(* Let $(a_n)_{n\ge 0}$ be complex numbers with $\#\{n\colon a_n\neq 0\}=+\infty$ and $\varlimsup_{n\to+\infty}\sqrt[n]{|a_n|}=0$. For $r>0$ let $\mathcal{N}(r)=\{n\in\mathbb{Z}_+\colon \ln(|a_n|r^n)>0\}$, $N(r)=\#\mathcal{N}(r)$ and $s(r)=2\sum_{n\in\mathcal{N}(r)}\ln(|a_n|r^n)$. Let $\varepsilon>0$. Then there exists a set $E\subset(1;+\infty)$ of finite logarithmic measure such that for all $r\in(1;+\infty)\setminus E$, $$N(r)<s^{1/2}(r)\exp\{(1+\varepsilon)\sqrt{\ln s(r)}\}.$$
   Context: A set $E\subset(1,+\infty)$ has finite logarithmic measure if $\int_E\frac{dr}{r}<+\infty$. *)

From HB Require Import structures.
From mathcomp Require Import all_boot all_order all_algebra.
From mathcomp Require Import all_classical all_reals all_analysis.
From mathcomp Require Import finmap complex.
Set Implicit Arguments. Unset Strict Implicit. Unset Printing Implicit Defensive.
Import Order.TTheory GRing.Theory Num.Theory.
Local Open Scope classical_set_scope.
Local Open Scope ring_scope.

Definition finite_log_measure (R : realType) (E : set R) : Prop :=
  [/\ measurable E, E `<=` `]1, +oo[ &
      (\int[lebesgue_measure]_(x in E) (x^-1)%:E < +oo)%E].

Definition Ncal_set (R : realType) (a : nat -> R[i]) (r : R) : set nat :=
  [set n | 0 < ln (Normc.normc (a n) * r ^+ n)].

Definition N_count (R : realType) (a : nat -> R[i]) (r : R) : nat :=
  (#|` fset_set (Ncal_set a r)|)%fset.

Definition s_val (R : realType) (a : nat -> R[i]) (r : R) : R :=
  2 * (\sum_(n \in Ncal_set a r) ln (Normc.normc (a n) * r ^+ n)).

(* Write L_n(r) = ln (|a_n| r^n). Each L_n is affine in ln r with slope n, and
   N(r) is finite because the a_n decay faster than any geometric sequence.
   The indices in N(r) are distinct naturals, so they sum to at least
   N(N-1)/2 and s grows by at least N(N-1) (ln r2 - ln r1) from r1 to r2.
   At an exceptional point N^2 >= s e^{2(1+eps) sqrt(ln s)}, while s grows by
   a factor at most e^{2k+3} as long as sqrt(ln s) stays in [k+1, k+2); hence
   the exceptional points of level k lie in a window of logarithmic radius
   2e e^{-2 eps (k+1)}, and these radii are summable. *)

From HB Require Import structures.
From mathcomp Require Import all_boot all_order all_algebra.
From mathcomp Require Import all_classical all_reals all_analysis.
From mathcomp Require Import finmap complex measurable_realfun.
From mathcomp Require Import zify ring lra.
Set Implicit Arguments. Unset Strict Implicit. Unset Printing Implicit Defensive.
Import Order.TTheory GRing.Theory Num.Theory.

Lemma uniq_sum_ge (s : seq nat) : uniq s ->
  size s * (size s).-1 <= (\sum_(x <- s) x).*2.
Proof.
suff bounded m t : uniq t -> all (fun x => x < m) t ->
    size t * (size t).-1 <= (\sum_(x <- t) x).*2.
  move=> us; apply: (bounded (\max_(x <- s) x).+1) => //.
  by apply/allP => x xs; rewrite ltnS; apply: leq_bigmax_seq.
elim: m t => [|m IH] t ut t_lt; first by case: t ut t_lt.
have [mt|mNt] := boolP (m \in t); last first.
  apply: IH => //; apply/allP => x xt; move/allP: t_lt => /(_ x xt).
  by rewrite ltnS leq_eqVlt; case: eqP => // xm; rewrite -xm xt in mNt.
set u := rem m t.
have u_lt : all (fun x => x < m) u.
  apply/allP => x; rewrite (mem_rem_uniq m ut) inE => /andP[xm xt].
  by move/allP: t_lt => /(_ x xt); rewrite ltnS leq_eqVlt (negbTE xm).
have size_u : size u <= m.
  rewrite -[m in _ <= m](size_iota 0 m); apply: uniq_leq_size; first exact: rem_uniq.
  by move=> x xu; rewrite mem_iota /=; move/allP: u_lt => /(_ x xu).
have size_t : size t = (size u).+1.
  by rewrite size_rem // prednK // -has_predT; apply/hasP; exists m.
have := IH _ (rem_uniq m ut) u_lt.
rewrite (big_rem m mt) /= size_t -/u; set S := \sum_(x <- u) x.
by case: (size u) size_u => /= [|n]; lia.
Qed.

Local Open Scope classical_set_scope.
Local Open Scope ring_scope.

§ EXERCISE PROMPT: In the entries above, how many lines include the word "sqrt"? Only the number should be given.

§ FINISHED EXERCISE: 3